Avgeek Alert: Milestones in Manned Flight Before the Airplane


For thousands of years, humanity has dreamed of flying like birds, at least as far back as the ancient Greek myth of Daedalus and Icarus, and explored by the imaginations of numerous writers, including Spain´s Miguel de Cervantes in the 16th century to Jules Verne in the 19th-century France. And indeed, for centuries, also more concretely by inventors well before the Wright Brothers.

Archytas of Tarentum´s ´Flying Pigeon´

The first attempt at artificial flight recorded in history came from a leader of a Hellenic colony outside Greece proper (now the city of Taranto in southern Italy´s Apulia region) in the 4th century BCE who was also a premier scientist, mathematician, philosopher – and inventor, of ingenious devices such as the screw and the pulley. But he´s most known for his peristera (pigeon in classical Greek), which experts agree could have been the first self-flying device. Made of wood, shaped like a bird (something that, as we will see, would become a constant throughout history), and tied with ropes, it used a small boiler to generate steam that propelled it along at a height of as much as 180 metres (591 feet).

Abbas Ibn Firnas, the First Man to Fly

Fast forward more than a millennium to Qurṭubah (present-day Córdoba) in al-Andalus (the area of Iberia ruled by the Moors), where in the year 875 this inventor, scientist, chemist, physician, engineer, musician, and artist  created wooden “wings” covered with feathers, climbed a tower, and managed to stay in the air for ten seconds. Although the landing was terrible (he broke both legs), the truth is that overall his feat is considered a success. And by the way, ibn Firnas is also considered the inventor of the parachute, 23 years earlier.

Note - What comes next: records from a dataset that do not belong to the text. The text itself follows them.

Lemma in_image_mxbr F G : in_image F -> in_image G -> in_image (fun k => mxbr (F k) (G k)).
Proof.
move=> hF hG; rewrite /in_image (_ : [ffun k => _] = lbr [ffun k => F k] [ffun k => G k]).
  exact: ls_br.
by apply/ffunP => k; rewrite !ffunE.
Qed.

Lemma in_image_e i : rg i -> in_image (fun k => psi_e n (a k) i).
Proof. by move=> hi; apply: ls_gen; exists i => //; apply: Or31. Qed.
Lemma in_image_f i : rg i -> in_image (fun k => psi_f n (a k) i).
Proof. by move=> hi; apply: ls_gen; exists i => //; apply: Or32. Qed.

Lemma in_image_unitA_chain p d : (1 <= p)%N -> (p + d < n)%N ->
  in_image (fun _ => unitA p (p + d).+1) /\ in_image (fun _ => unitA (p + d).+1 p).
Proof.
move=> p1; elim: d => [|d IH] lt_pd.
  rewrite addn0; have hp : (p < n)%N by rewrite addn0 in lt_pd.
  split; [apply: in_image_ext (in_image_e _) | apply: in_image_ext (in_image_f _)];
    by move=> *; rewrite ?psi_e_lt ?psi_f_lt //; apply/andP; split; lia.
have [IHup IHdown] : _ /\ _ := IH ltac:(lia).
have hm : rg (p + d).+1 by apply/andP; split; lia.
split.
  apply: in_image_ext (in_image_mxbr IHup (in_image_e hm)) => k.
  by rewrite psi_e_lt ?mxbr_unitA_unitA ?addnS //; try (apply/andP; split); lia.
apply: in_image_ext (in_image_mxbr (in_image_f hm) IHdown) => k.
by rewrite psi_f_lt ?mxbr_unitA_unitA ?addnS //; try (apply/andP; split); lia.
Qed.

Lemma in_image_unitA p q : rg p -> rg q -> p <> q -> in_image (fun _ => unitA p q).
Proof.
move=> /andP[p1 pn] /andP[q1 qn] pq.
case: (ltngtP p q) => [lt_pq|lt_qp|//].
  have [+ _] := @in_image_unitA_chain p (q - p).-1 p1 ltac:(lia).
  by rewrite (_ : (p + (q - p).-1).+1 = q)%N //; lia.
have [_ +] := @in_image_unitA_chain q (p - q).-1 q1 ltac:(lia).
by rewrite (_ : (q + (p - q).-1).+1 = p)%N //; lia.
Qed.

Definition single k (X : 'M[C]_N) (j : 'I_K) := if j == k then X else 0.
Definition in_slot k X := in_image (single k X).

Lemma in_slot0 k : in_slot k 0.
Proof. by apply: in_image_ext in_image0 => j; rewrite /single; case: ifP. Qed.
Lemma in_slotD k X Y : in_slot k X -> in_slot k Y -> in_slot k (X + Y).
Proof.
move=> hX hY; apply: in_image_ext (in_imageD hX hY) => j.
by rewrite /single; case: ifP; rewrite ?addr0.
Qed.
Lemma in_slotZ k c X : in_slot k X -> in_slot k (c *: X).
Proof.
move=> hX; apply: in_image_ext (in_imageZ c hX) => j.
by rewrite /single; case: ifP; rewrite ?scaler0.
Qed.
Lemma in_slotN k X : in_slot k X -> in_slot k (- X).
Proof. by rewrite -scaleN1r; apply: in_slotZ. Qed.

Lemma in_slot_mxbrl k G X : in_image G -> in_slot k X -> in_slot k (mxbr (G k) X).
Proof.
move=> hG hX; apply: in_image_ext (in_image_mxbr hG hX) => j; rewrite /single.
by case: (j =P k) => [->|_]; rewrite ?mxbr0r.
Qed.
Lemma in_slot_mxbrr k G X : in_slot k X -> in_image G -> in_slot k (mxbr X (G k)).
Proof.
move=> hX hG; apply: in_image_ext (in_image_mxbr hX hG) => j; rewrite /single.
by case: (j =P k) => [->|_]; rewrite ?mxbr0l.
Qed.
Lemma in_slot_mxbr k X Y : in_slot k X -> in_slot k Y -> in_slot k (mxbr X Y).
Proof.
move=> hX hY; apply: in_image_ext (in_image_mxbr hX hY) => j; rewrite /single.
by case: ifP; rewrite ?mxbr0l.
Qed.
Lemma in_slot_unitA k p q X : in_slot k X -> rg p -> rg q -> p <> q ->
  in_slot k (mxbr (unitA p q) X).
Proof.
by move=> hX hp hq pq; apply: (in_slot_mxbrl (G := fun _ => _)) hX; apply: in_image_unitA.
Qed.

Ltac side := solve [assumption | lia | apply/andP; split; lia].

Lemma in_slot_sum k (I : finType) (P : pred I) (f : I -> 'M[C]_N) :
  (forall i, P i -> in_slot k (f i)) -> in_slot k (\sum_(i | P i) f i).
Proof. by move=> h; apply: big_ind => //; [exact: in_slot0 | exact: in_slotD]. Qed.

Lemma in_image_sum_single (P : pred 'I_K) F : (forall k, P k -> in_slot k (F k)) ->
  in_image (fun j => if P j then F j else 0).
Proof.
move=> h; have : in_image (fun j => \sum_(k <- index_enum _ | P k) single k (F k) j).
  elim: (index_enum _) => [|k s IH]; first by apply: in_image_ext in_image0 => j; rewrite big_nil.
  case: (boolP (P k)) => Pk; last by apply: in_image_ext IH => j; rewrite big_cons (negbTE Pk).
  by apply: in_image_ext (in_imageD (h k Pk) IH) => j; rewrite big_cons Pk.
apply: in_image_ext => j; case: (boolP (P j)) => Pj.
  rewrite (bigD1 j) //= /single eqxx big1 ?addr0 // => k /andP[_ kj].
  by rewrite eq_sym (negbTE kj).
by rewrite big1 // => k Pk; rewrite /single; case: (j =P k) => // jk; rewrite jk Pk in Pj.
Qed.

Lemma in_image_of_slots F : (forall k, in_slot k (F k)) -> in_image F.
Proof. by move=> h; apply: in_image_ext (in_image_sum_single (P := predT) (fun k _ => h k)). Qed.

Lemma in_slot_of_others k F : in_image F ->
  (forall j, j != k -> in_slot j (F j)) -> in_slot k (F k).
Proof.
move=> hF /in_image_sum_single hothers.
apply: in_image_ext (in_imageD hF (in_imageZ (-1) hothers)) => j.
by rewrite /single scaleN1r; case: (j =P k) => [->|_]; rewrite /= ?subr0 ?subrr.
Qed.

Lemma in_slot_separate X (phi u : 'I_K -> C) k :
  in_image (fun j => phi j *: X) ->
  (forall psi, in_image (fun j => psi j *: X) -> in_image (fun j => (u j * psi j) *: X)) ->
  phi k != 0 -> (forall j, j != k -> u j != u k) -> in_slot k X.
Proof.
(* Apply the polynomial prod_(i <> k) (u - u_i), which vanishes on every other slot. *)
move=> hphi hu phik uk.
have hprod s : in_image (fun j => (phi j * \prod_(i <- s) (u j - u i)) *: X).
  elim: s => [|i s IH]; first by apply: in_image_ext hphi => j; rewrite big_nil mulr1.
  apply: in_image_ext (in_imageD (hu _ IH) (in_imageZ (- u i) IH)) => j.
  by rewrite big_cons scalerA -scalerDl; congr (_ *: _); ring.
pose s := [seq i <- enum 'I_K | i != k].
have Pk : phi k * \prod_(i <- s) (u k - u i) != 0.
  rewrite mulf_neq0 // prodf_seq_neq0; apply/allP => j; rewrite mem_filter => /andP[jk _].
  by rewrite subr_eq0 eq_sym uk.
apply: in_image_ext (in_imageZ (phi k * \prod_(i <- s) (u k - u i))^-1 (hprod s)) => j.
rewrite /single scalerA; case: (j =P k) => [->|/eqP jk]; first by rewrite mulVf ?scale1r.
suff -> : \prod_(i <- s) (u j - u i) = 0 by rewrite mulr0 mulr0 scale0r.
apply/eqP; rewrite prodf_seq_eq0; apply/hasP; exists j; last by rewrite /= subrr.
by rewrite mem_filter jk mem_enum.
Qed.

Let rg1 : rg 1. Proof. by apply/andP; split; lia. Qed.
Let rgn : rg n. Proof. by apply/andP; split; lia. Qed.
Lemma is_series_inv_pow (beta : R) :
  1 < beta -> is_series (fun k => / beta ^ S k) (/ (beta - 1)).
Proof.
  intro Hb.
  assert (Hq : Rabs (/ beta) < 1).
  { rewrite Rabs_right by (left; apply Rinv_0_lt_compat; lra).
    rewrite <- Rinv_1; apply Rinv_lt_contravar; lra. }
  apply (is_series_ext (fun k => scal (/ beta) ((/ beta) ^ k))).
  - intro k; rewrite <- pow_inv; reflexivity.
  - replace (/ (beta - 1)) with (scal (/ beta) (/ (1 - / beta))).
    + exact (is_series_scal _ _ _ (is_series_geom _ Hq)).
    + unfold scal; simpl; unfold mult; simpl; field; lra.
Qed.

Lemma is_series_shift_scaled (s : nat -> R) (beta l : R) :
  beta <> 0 -> is_series (fun k => s k / beta ^ S k) l ->
  is_series (fun k => s (S k) / beta ^ S k) (beta * l - s 0%nat).
Proof.
  intros Hb Hl.
  assert (Htail : is_series (fun k => s (S k) / beta ^ S (S k)) (l - s 0%nat / beta)).
  { apply (is_series_incr_1 (fun k => s k / beta ^ S k)).
    replace (plus _ _) with l by (unfold plus; simpl; field; exact Hb).
    exact Hl. }
  apply (is_series_ext (fun k => scal beta (s (S k) / beta ^ S (S k)))).
  - intro k; unfold scal; simpl; unfold mult; simpl.
    field; split; [apply pow_nonzero|]; exact Hb.
  - replace (beta * l - s 0%nat) with (scal beta (l - s 0%nat / beta)).
    + exact (is_series_scal _ _ _ Htail).
    + unfold scal; simpl; unfold mult; simpl; field; exact Hb.
Qed.

Definition is_digit (q : R * R) : Prop := q = qv D0 \/ q = qv D1 \/ q = qv D2.

Lemma is_beta_rep_ext (beta : R) (a b : nat -> R * R) (z : R * R) :
  (forall k, a k = b k) -> is_beta_rep beta a z -> is_beta_rep beta b z.
Proof.
  intros Hab [H1 H2]; apply is_series_Reals in H1, H2; split; apply is_series_Reals.
  - apply (is_series_ext _ _ _ (fun k => f_equal (fun q => fst q / _) (Hab k)) H1).
  - apply (is_series_ext _ _ _ (fun k => f_equal (fun q => snd q / _) (Hab k)) H2).
Qed.

Lemma is_beta_rep_shift (beta : R) (a : nat -> R * R) (z : R * R) :
  1 < beta -> is_beta_rep beta a z ->
  is_beta_rep beta (fun k => a (S k)) (affmap beta z (a 0%nat)).
Proof.
  intros Hb [H1 H2]; split; apply is_series_Reals;
    [apply (is_series_shift_scaled (fun k => fst (a k)))
    |apply (is_series_shift_scaled (fun k => snd (a k)))];
    try lra; apply is_series_Reals; assumption.
Qed.

Lemma is_beta_rep_S_beta (beta : R) (a : nat -> R * R) (z : R * R) :
  1 < beta -> (forall k, is_digit (a k)) -> is_beta_rep beta a z -> S_beta beta z.
Proof.
  intros Hb Ha [H1 H2]; apply is_series_Reals in H1, H2.
  assert (Hcoord : forall k,
    0 <= fst (a k) /\ 0 <= snd (a k) /\ fst (a k) + snd (a k) <= 1).
  { intro k; destruct (Ha k) as [ -> | [ -> | -> ] ]; simpl; lra. }
  assert (Hpow : forall k, 0 < / beta ^ S k).
  { intro k; apply Rinv_0_lt_compat, pow_lt; lra. }
  split; [|split].
  - refine (is_series_nonneg _ _ _ H1); intro k.
    apply Rmult_le_pos; [apply Hcoord|apply Rlt_le, Hpow].
  - refine (is_series_nonneg _ _ _ H2); intro k.
    apply Rmult_le_pos; [apply Hcoord|apply Rlt_le, Hpow].
  - refine (is_series_le _ _ _ _ _ (is_series_plus _ _ _ _ H1 H2) (is_series_inv_pow beta Hb)).
    intro k; specialize (Hcoord k); specialize (Hpow k).
    change (fst (a k) / beta ^ S k + snd (a k) / beta ^ S k <= / beta ^ S k).
    unfold Rdiv; rewrite <- Rmult_plus_distr_r.
    rewrite <- (Rmult_1_l (/ beta ^ S k)) at 2.
    apply Rmult_le_compat_r; lra.
Qed.

Inductive region := RE0 | RE1 | RE2 | RC01 | RC12 | RC02 | RC012 | Rout.

(* Same case order as [Kstep], so that [Kstep] follows [region_of] where regions overlap. *)
Definition region_of (beta : R) (z : R * R) : region :=
  if pdec (Defs.E0 beta z) then RE0
  else if pdec (Defs.E1 beta z) then RE1
  else if pdec (Defs.E2 beta z) then RE2
  else if pdec (C01 beta z) then RC01
  else if pdec (C12 beta z) then RC12
  else if pdec (C02 beta z) then RC02
  else if pdec (C012 beta z) then RC012
  else Rout.

Definition admissible (r : region) (j : digit3) : Prop :=
  match r, j with
  | RE0, D0 | RE1, D1 | RE2, D2 => True
  | RC01, (D0 | D1) | RC12, (D1 | D2) | RC02, (D0 | D2) => True
  | RC012, _ => True
  | _, _ => False
  end.

Lemma region_of_S_beta (beta : R) (z : R * R) :
  S_beta beta z -> region_of beta z <> Rout.
Proof.
  destruct z as [x y]; unfold S_beta, region_of; simpl; intros Hz.
  repeat destruct pdec; try discriminate; intros _.
  unfold Defs.E0, Defs.E1, Defs.E2, C01, C12, C02, C012 in *.
  destruct (Rlt_or_le x (/ beta)), (Rlt_or_le y (/ beta)),
    (Rle_or_lt (x + y) (/ (beta * (beta - 1)))); tauto || lra.
Qed.

Lemma region_of_admissible (beta : R) (z : R * R) (j : digit3) :
  1 < beta -> S_beta beta z -> S_beta beta (affmap beta z (qv j)) ->
  admissible (region_of beta z) j.
Proof.
  intros Hb Hz Hz'.
  assert (Hout := region_of_S_beta beta z Hz).
  assert (Hinv : beta * / beta = 1) by (field; lra).
  assert (Hc : beta * / (beta * (beta - 1)) = / (beta - 1)) by (field; lra).
  destruct z as [x y]; revert Hout.
  unfold region_of, S_beta, affmap in *; simpl in *.
  unfold Defs.E0, Defs.E1, Defs.E2, C01, C12, C02, C012.
  repeat destruct pdec; intros Hout; try (exfalso; exact (Hout eq_refl));
    destruct j; simpl in *; try exact I; nra.
Qed.

Definition consumes_omega (r : region) : bool :=
  match r with RC01 | RC12 | RC02 => true | _ => false end.

Definition consumes_upsilon (r : region) : bool :=
  match r with RC012 => true | _ => false end.

Definition choice_bit (r : region) (j : digit3) : bool :=
  match r, j with RC01, D1 | RC12, D2 | RC02, D2 => true | _, _ => false end.

Lemma Kstep_admissible (beta : R) (w : Omega) (u : Upsilon) (z : R * R) (j : digit3) :
  let r := region_of beta z in
  admissible r j ->
  (consumes_omega r = true -> w 0%nat = choice_bit r j) ->
  (consumes_upsilon r = true -> u 0%nat = j) ->
  Kstep beta (w, u, z) =
    ((if consumes_omega r then shiftO w else w,
      if consumes_upsilon r then shiftU u else u,
      affmap beta z (qv j)), qv j).
Proof.
  cbv zeta; unfold Kstep, region_of.
  repeat destruct pdec; destruct j; simpl; intros Hadm Hw Hu;
    try contradiction; try rewrite Hw by reflexivity; try rewrite Hu by reflexivity;
    reflexivity.
Qed.

Section Hits.
Variable P : nat -> bool.

Fixpoint hits (n : nat) : nat :=
  match n with O => O | S m => if P m then S (hits m) else hits m end.

Lemma hits_le (m n : nat) : (m <= n)%nat -> (hits m <= hits n)%nat.
Proof.
  induction 1 as [|n _ IH]; [lia|]; simpl; destruct (P n); lia.
Qed.

Lemma hits_inj (m n : nat) : P m = true -> P n = true -> hits m = hits n -> m = n.
Proof.
  assert (Hlt : forall m n, P m = true -> (m < n)%nat -> (hits m < hits n)%nat).
  { intros m' n' Hm Hmn; apply (Nat.lt_le_trans _ (hits (S m'))); [simpl; rewrite Hm; lia|].
    apply hits_le; exact Hmn. }
  intros Hm Hn Hh; destruct (Nat.lt_trichotomy m n) as [H|[H|H]]; [|exact H|];
    [specialize (Hlt _ _ Hm H) | specialize (Hlt _ _ Hn H)]; lia.
Qed.

Lemma exists_seq_on_hits (A : Type) (d : A) (f : nat -> A) :
  exists g : nat -> A, forall n, P n = true -> g (hits n) = f n.
Proof.
  exists (fun m => epsilon (inhabits d) (fun x => exists n, P n = true /\ hits n = m /\ f n = x)).
  intros n Hn.
  destruct (epsilon_spec (inhabits d) (fun x => exists n', P n' = true /\ hits n' = hits n /\ f n' = x))
    as [n' [Hn' [Hh <-]]]; [eauto|].
  rewrite (hits_inj n' n Hn' Hn Hh); reflexivity.
Qed.
End Hits.

Lemma iter_shift_head (A : Type) (s : nat -> A) (k : nat) :
  Nat.iter k (fun t n => t (S n)) s 0%nat = s k.
Proof.
  revert s; induction k as [|k IH]; intro s; [reflexivity|].
  rewrite Nat.iter_succ_r; apply IH.
Qed.

Definition digit_of (q : R * R) : digit3 :=
  if pdec (q = qv D1) then D1 else if pdec (q = qv D2) then D2 else D0.

Lemma qv_digit_of (q : R * R) : is_digit q -> qv (digit_of q) = q.
Proof.
  unfold digit_of; intros Hq.
  destruct (pdec (q = qv D1)); [auto|]; destruct (pdec (q = qv D2)); [auto|].
  destruct Hq as [H|[H|H]]; [auto|contradiction|contradiction].
Qed.

Section Orbit.
Variables (beta : R) (z : R * R) (a : nat -> R * R).
Hypotheses (Hbeta : 1 < beta) (Ha : forall k, is_digit (a k)) (Hrep : is_beta_rep beta a z).

Fixpoint orbit (n : nat) : R * R :=
  match n with O => z | S m => affmap beta (orbit m) (a m) end.

Lemma orbit_rep (n : nat) : is_beta_rep beta (fun k => a (n + k)%nat) (orbit n).
Proof.
  induction n as [|n IH]; [exact Hrep|].
  apply (is_beta_rep_ext _ (fun k => a (n + S k)%nat)); [intro k; f_equal; lia|].
  pose proof (is_beta_rep_shift _ _ _ Hbeta IH) as Hshift.
  cbv beta in Hshift; rewrite Nat.add_0_r in Hshift; exact Hshift.
Qed.

Lemma orbit_S_beta (n : nat) : S_beta beta (orbit n).
Proof. exact (is_beta_rep_S_beta _ _ _ Hbeta (fun k => Ha _) (orbit_rep n)). Qed.

Definition orbit_region (n : nat) : region := region_of beta (orbit n).

Lemma orbit_admissible (n : nat) : admissible (orbit_region n) (digit_of (a n)).
Proof.
  apply region_of_admissible; [exact Hbeta|apply orbit_S_beta|].
  rewrite qv_digit_of by apply Ha; exact (orbit_S_beta (S n)).
Qed.

Definition omega_hits : nat -> nat := hits (fun n => consumes_omega (orbit_region n)).
Definition upsilon_hits : nat -> nat := hits (fun n => consumes_upsilon (orbit_region n)).

Variables (w : Omega) (u : Upsilon).
Hypothesis Hw : forall n, consumes_omega (orbit_region n) = true ->
  w (omega_hits n) = choice_bit (orbit_region n) (digit_of (a n)).
Hypothesis Hu : forall n, consumes_upsilon (orbit_region n) = true ->
  u (upsilon_hits n) = digit_of (a n).

Definition orbit_state (n : nat) : State :=
  (Nat.iter (omega_hits n) shiftO w, Nat.iter (upsilon_hits n) shiftU u, orbit n).

Lemma Kstep_orbit_state (n : nat) : Kstep beta (orbit_state n) = (orbit_state (S n), a n).
Proof.
  unfold orbit_state; rewrite (Kstep_admissible _ _ _ _ (digit_of (a n))).
  - rewrite qv_digit_of by apply Ha; unfold omega_hits, upsilon_hits; simpl.
    destruct (consumes_omega _), (consumes_upsilon _); reflexivity.
  - apply orbit_admissible.
  - intro H; rewrite (iter_shift_head bool); exact (Hw n H).
  - intro H; rewrite (iter_shift_head digit3); exact (Hu n H).
Qed.

Lemma Kiter_orbit_state (n : nat) : Kiter beta n (w, u, z) = orbit_state n.
Proof.
  induction n as [|n IH]; [reflexivity|].
  cbn [Kiter]; rewrite IH; unfold K_beta; rewrite Kstep_orbit_state; reflexivity.
Qed.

Leonardo da Vinci´s ´Ornithopter´

Possibly the best entry on this list comes from the quintessential “Renaissance man”, who was not only a legendary artist but also a capable inventor, and one of his most famous designs was an ornithopter (from the Greek ornis, “bird” and pteron, “wing¨) an aircraft which flies by flapping wings. Leonardo spent many years observing and documenting the flight of birds and insects and came to the conclusion that weight prevented man from flying. But he developed theoretical models and drawings of flying machines such as the ornithopter, based on how the flapping of avian wings generate lift and propulsion (physical principles adopted centuries later by aeronautical engineering).

The Hot-Air Balloon of the Montgolfier Brothers

The first device allowing humans to fly for extended periods of time was the globe aérostatique invented in 1783 by Joseph-Michel and Jacques-Étienne Montgolfier in the Auvergne-Rhône-Alpes region of southeastern France. It´s based on the Archimedes principle (authored by the eponymous 3rd-century-BCE mathematician) which holds that an object immersed in a fluid experiences an upward thrust equal to the weight of the volume of the object. fluid that dislodges. So for the hot-air balloon to rise, the displaced air must have a weight greater than that of the object (the balloon plus the people it carries). Thus the upward thrust is greater than the force of gravity pulling the object downward. The air inside the balloon is hot, so it acquires a different density and achieves its goal: flight.

The Steam-Powered Dirigible

The main drawback of the hot-air balloon was that its direction of flight couldn´t be well controlled. And so various inventors set their minds toward creating lighter-than-air craft which could navigate more effectively. Several attempts were made in the 17th through 19th centuries, but it wasn´t until 1852 when Paris engineer Henri Giffard invented a steam-powered airship equipped with rudders and engines, managed to travel 24 kilometres (15 miles), at 8km (five mi.) per hour. Dirigible airships continued to be developed – even after the catastrophic 1937 crash of the world´s most famous, the Hindenberg – and are still in limited use today for passenger transportation as well as military, industrial, and other uses.

Gliding Right Along: the Final Chapter in the ´Prehistory´ of Airplanes

Along with advent of the airship, the 19th century was especially fruitful in the evolution of what in the 20th would become aeronautical engineering. A number of engineers and inventors in Europe and the United States developed gliders with the objective of sustaining controlled flight and studied how to continually innovate and improve. For example, in 1866 British engineer Francis Wenham discovered that the optimal wing design should be more closer to that of today’s airplanes than to the designs made until then, modeled on bird or bat wings, since they provided more lift. Although his gliders weren´t actually successful, his work was continued years later by Prussia´s Otto Lilienthal, whose gliders managed to travel farther than any previously. The French-American civil engineer Octave Chanute took up the baton and advanced aviation by creating wing structures later used in biplanes (in fact, he is considered the “father of aviation”, and among other things counseled the Wright brothers). The prehistory of the airplane was ending, and a new era was opening for humanity.